/msisensor2

Microsatellite instability (MSI) detection for tumor only data.

Primary LanguageRGNU General Public License v3.0GPL-3.0

MSIsensor2

NOTE: Now we offer customized site model training services based on the BED file provided by the user.

MSIsensor2 is a novel algorithm based machine learning, featuring a large upgrade in the microsatellite instability (MSI) detection for tumor only sequencing data, including Cell-Free DNA (cfDNA), Formalin-Fixed Paraffin-Embedded(FFPE) and other sample types. The original MSIsensor is specially designed for tumor/normal paired sequencing data.

Result

Given tumor only sequencing data, MSIsensor2 uses machine learning models to figure out the MSI status for a distribution per microsatellite. Finally, the msi score (number of msi sites / all valid sites) can be calculated. In our test of 117 EGA samples, results from tumor only module are comparable with paired tumor and normal sequencing data input (see two result figures below) . The recommended msi score cutoff value is 20% (msi high: msi score >= 20%). We also tested TCGA and EGA data whose results showed the accuracy of tumor only module is up to 99% and illustrated the comparable performance advantage of tumor only module over original MSIsensor tumor/normal paired module (see ROC figures below) . In addition, for the tumor only module, we also tested cfDNA sequencing data from different companies. The results showed that MSIsensor2 can accurately discriminate the microsatellite status of cfDNA (>0.1% tumor content) sequencing samples.

Tumor Only vs Paired

Correlation coefficient between the two modules is 0.94, that levels of the msi score of different samples perform similarly under the two modules.High R-square shows that even though the two modules use different algorithms, their results are highly consistent, which fully demonstrates that the result of our tumor only module is reliable.

MSIsensor2 vs TSO500

To further illustrate the accuracy of tumor only module in MSIsensor2, we deliberately customized a model for the TSO500-panel and tested it with 10 samples.

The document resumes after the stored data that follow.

Lemma parked_progress w g :
  parked w g -> mismatch [set w] g != set0 ->
  exists g' k, [/\ parked w g', walk k.+1 g g' &
                   2 * k.+1 + potential [set w] g' <= potential [set w] g].
Proof.
move=> wg; have [gP gw gb gL] := wg.
case: (pickP [pred y | (y \in mismatch [set w] g) && (b y \notin codom g)]).
  move=> y /andP[y_mis byg] _; have [gg' mis pot] := recolour_unblocked gP y_mis byg.
  have yw : y != w by move: y_mis; rewrite !inE => /andP[].
  exists (recolour g y (b y)), 0; split; [|exact: recol_step_walk|by move: pot; clear; lia].
  apply: parkedW mis => //; first by case: gg'.
    by rewrite recolourE eq_sym (negbTE yw).
  by move=> x; case: (recolour_cases g y (b y) x) => ->; [left | right; apply: codom_f].
move=> all_blocked mis_ne.
have {}all_blocked x : x \in mismatch [set w] g -> b x \in codom g.
  by move=> x_mis; move: (all_blocked x); rewrite /= x_mis => /negbFE.
have bw : b w \notin codom g.
  apply: contra gw => bwg; rewrite (codom_eq_of_blocked gP all_blocked) ?codom_f //.
  by move=> x; rewrite in_set1 => /eqP->.
case/set0Pn: mis_ne => x x_mis; have := x_mis; rewrite !inE => /andP[xw gx].
have [p bp] : exists p, g x = b p by apply/codomP/gb.
have pW : p \notin [set w].
  by rewrite in_set1; apply: contraNneq bw => <-; rewrite -bp codom_f.
have [q bq] : exists q, g p = b q by apply/codomP/gb; rewrite -in_set1.
have qW : q \notin [set w].
  by rewrite in_set1; apply: contraNneq bw => <-; rewrite -bq codom_f.
have bx : b w \in L x by apply: gL x_mis _ (codom_f b w).
have bWc z : z \notin [set w] -> b z != b w by rewrite in_set1 (inj_eq (proper_inj bP)).
have [gg' mis pot] := recolour_pair gP gx bx bw bWc (esym bp) (esym bq) pW qW.
exists (recolour (recolour g x (b w)) p (b p)), 1.
split; [|exact: gg'|by move: pot; clear; lia].
apply: parkedW mis => //; first exact: recol_walk_proper gg'.
  by move: pW; rewrite in_set1 !recolourE eq_sym => /negbTE->; rewrite eq_sym (negbTE xw).
move=> z; case: (recolour_cases (recolour g x (b w)) p (b p) z) => ->.
  by case: (recolour_cases g x (b w) z) => ->; [left | right; apply: codom_f].
by right; apply: codom_f.
Qed.

Lemma parked_walk w g :
  parked w g -> exists2 k, 2 * k <= potential [set w] g + 2 & walk k g b.
Proof.
apply: (recol_walk_descent (P := parked w)) => g' wg'.
have [mis0|mis_ne] := eqVneq (mismatch [set w] g') set0.
  by left; exists 1; [exact: leq_addl | exact: parked_done wg' mis0].
by right; apply: parked_progress.
Qed.

Section ManyColours.
Hypothesis list_size : forall v, #|T| <= #|L v|.
Hypothesis many_colours : #|T| < #|\bigcup_v L v|.

Lemma park_detour g :
  proper g -> (forall x, x \in mismatch set0 g -> b x \in codom g) ->
  (forall x c, x \in mismatch set0 g -> c \in L x -> c \in codom g) ->
  exists2 k, 2 * k <= potential set0 g + 4 & walk k g b.
Proof.
move=> gP all_blocked no_free.
have E : codom b =i codom g.
  by apply: codom_eq_of_blocked all_blocked _ => // x; rewrite inE.
have /subsetPn[c cU cg] : ~~ (\bigcup_v L v \subset codom g).
  by apply/negP => /subset_leq_card; rewrite card_codom_proper // leqNgt many_colours.
case/bigcupP: cU => w _ cLw.
have gw : g w = b w.
  by apply/eqP; apply: contraNT cg => gw; apply: no_free cLw; rewrite !inE gw.
have gg1 := recolour_step gP cLw cg.
have L_eq x : x \in mismatch set0 g -> {subset codom b <= L x}.
  move=> x_mis; have sub : L x \subset codom g by apply/subsetP => c' /(no_free x c' x_mis).
  have LE : L x =i codom g.
    apply/subset_cardP => //; apply/eqP.
    by rewrite eqn_leq subset_leq_card // card_codom_proper // list_size.
  by move=> c'; rewrite E -LE.
have mis : mismatch [set w] (recolour g w c) \subset mismatch set0 g.
  by apply/subsetP => x; rewrite !inE recolourE => /andP[xw]; rewrite (negbTE xw).
have wg1 : parked w (recolour g w c).
  split; first by case: gg1.
  - by rewrite recolourE eqxx E.
  - by move=> x xw; rewrite recolourE (negbTE xw) E codom_f.
  - by move=> x /(subsetP mis)/L_eq.
have blk : blocked [set w] (recolour g w c) \subset blocked set0 g.
  apply/subsetP => x; rewrite inE => /andP[/(subsetP mis) x_mis _].
  by rewrite inE x_mis all_blocked.
have [k le_k g1b] := parked_walk wg1.
exists k.+1; last exact: recol_walk_cat 1 k _ _ _ (recol_step_walk gg1) g1b.
move: le_k (subset_leq_card mis) (subset_leq_card blk); rewrite /potential; clear; lia.
Qed.

Lemma mismatch_progress g :
  proper g -> mismatch set0 g != set0 ->
  (exists2 k, 2 * k <= potential set0 g + 4 & walk k g b) \/
  exists g' k, [/\ proper g', walk k.+1 g g' &
                   2 * k.+1 + potential set0 g' <= potential set0 g].
Proof.
move=> gP _.
case: (pickP [pred y | (y \in mismatch set0 g) && (b y \notin codom g)]).
  move=> y /andP[y_mis byg]; have [gg' _ pot] := recolour_unblocked gP y_mis byg.
  right; exists (recolour g y (b y)), 0.
  by split; [case: gg' | exact: recol_step_walk | move: pot; clear; lia].
move=> all_blocked.
have {}all_blocked x : x \in mismatch set0 g -> b x \in codom g.
  by move=> x_mis; move: (all_blocked x); rewrite /= x_mis => /negbFE.
pose free vc := [&& vc.1 \in mismatch set0 g, vc.2 \in L vc.1 & vc.2 \notin codom g].
case: (pickP free) => [[v c] /and3P[] /= v_mis cL cg | no_free]; last first.
  left; apply: park_detour => // x c x_mis cL; apply: contraFT (no_free (x, c)) => cg.
  by rewrite /free x_mis cL.
have E : codom b =i codom g.
  by apply: codom_eq_of_blocked all_blocked _ => // x; rewrite inE.
have gv : g v != b v by move: v_mis; rewrite !inE.
have [p bp] : exists p, g v = b p by apply/codomP; rewrite E codom_f.
have [q bq] : exists q, g p = b q by apply/codomP; rewrite E codom_f.
have bc z : z \notin set0 -> b z != c.
  by move=> _; apply: contraNneq cg => <-; rewrite -E codom_f.
have [gg' _ pot] :=
  recolour_pair gP gv cL cg bc (esym bp) (esym bq) (negbT (in_set0 p)) (negbT (in_set0 q)).
right; exists (recolour (recolour g v c) p (b p)), 1.
by split; [exact: recol_walk_proper gg' | exact: gg' | move: pot; clear; lia].
Qed.

Lemma proper_walk g : proper g -> exists2 k, 2 * k <= potential set0 g + 4 & walk k g b.
Proof.
apply: (recol_walk_descent (P := proper)) => g' g'P.
have [mis0|] := eqVneq (mismatch set0 g') set0; last exact: mismatch_progress.
left; exists 0 => //; apply/ffunP => x; apply/eqP.
by have := in_set0 x; rewrite -mis0 !inE => /negbFE.
Qed.

End ManyColours.
End Target.
End CompleteGraph.

Unset Implicit Arguments.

The results are shown in the table below. It is not difficult to see that the model we customized for the TSO500 is consistent with its own ability to discriminate the microsatellite status of the sample. In addition, MSIsensor2 is not critical to sequencing methods or sequencing types, which refers that MSIsensor2 can handle both target gene sequencing data and amplification sequencing data, furthermore, it is applicable for WES, WGS, panel and cfDNA data.

Faster!

By testing 117 samples from EGA with different types of sequencing data, in average, the tumor only module is 10 times faster than the paired module of MSIsensor. A typical WES data can be finished within 180 seconds.

Install

Currently, MSIsensor2 is based on Linux system, and we provide binaries only. Please note your GCC version should be at least 4.8.x.

    git clone https://github.com/niu-lab/msisensor2.git
    cd msisensor2
    chmod +x msisensor2

Usage

    Version 0.1
    Usage:  msisensor2 <command> [options]

Key commands:

    msi             msi scoring

msisensor2 msi [options]:

   -M   <string>   models directory for tumor only data
   -t   <string>   tumor  bam file
   -o   <string>   output distribution file

   -c   <int>      coverage threshold for msi analysis, WXS: 20; WGS: 15, default=20
   -b   <int>      threads number for parallel computing, default=1
   -x   <int>      output homopolymer only, 0: no; 1: yes, default=0
   -y   <int>      output microsatellite only, 0: no; 1: yes, default=0

   -h   help

Example

MSI scoring:

for tumor only sequence data:

hg38 bam:

    msisensor2 msi -M ./models_hg38 -t ./test/example.tumor.only.hg38.bam -o output.tumor.prefix

hg19 or GRCh37 bam:

    msisensor2 msi -M ./models_hg19_GRCh37 -t ./test/example.tumor.only.hg19.bam -o output.tumor.prefix

b37 or humanG1Kv37 bam:

    msisensor2 msi -M ./models_b37_HumanG1Kv37 -t ./test/example.tumor.only.b37.bam -o output.tumor.prefix

Note: bam index files are needed in the same directory as bam files

Output

for tumor only input, the MSI scoreing step produces 3 files:

    output.tumor.prefix
    output.tumor.prefix_dis
    output.tumor.prefix_somatic
  1. output.prefix: msi score output

     Total_Number_of_Sites   Number_of_Somatic_Sites %
     2     1      50.00
    
  2. output.prefix_dis: read count distribution (T: tumor)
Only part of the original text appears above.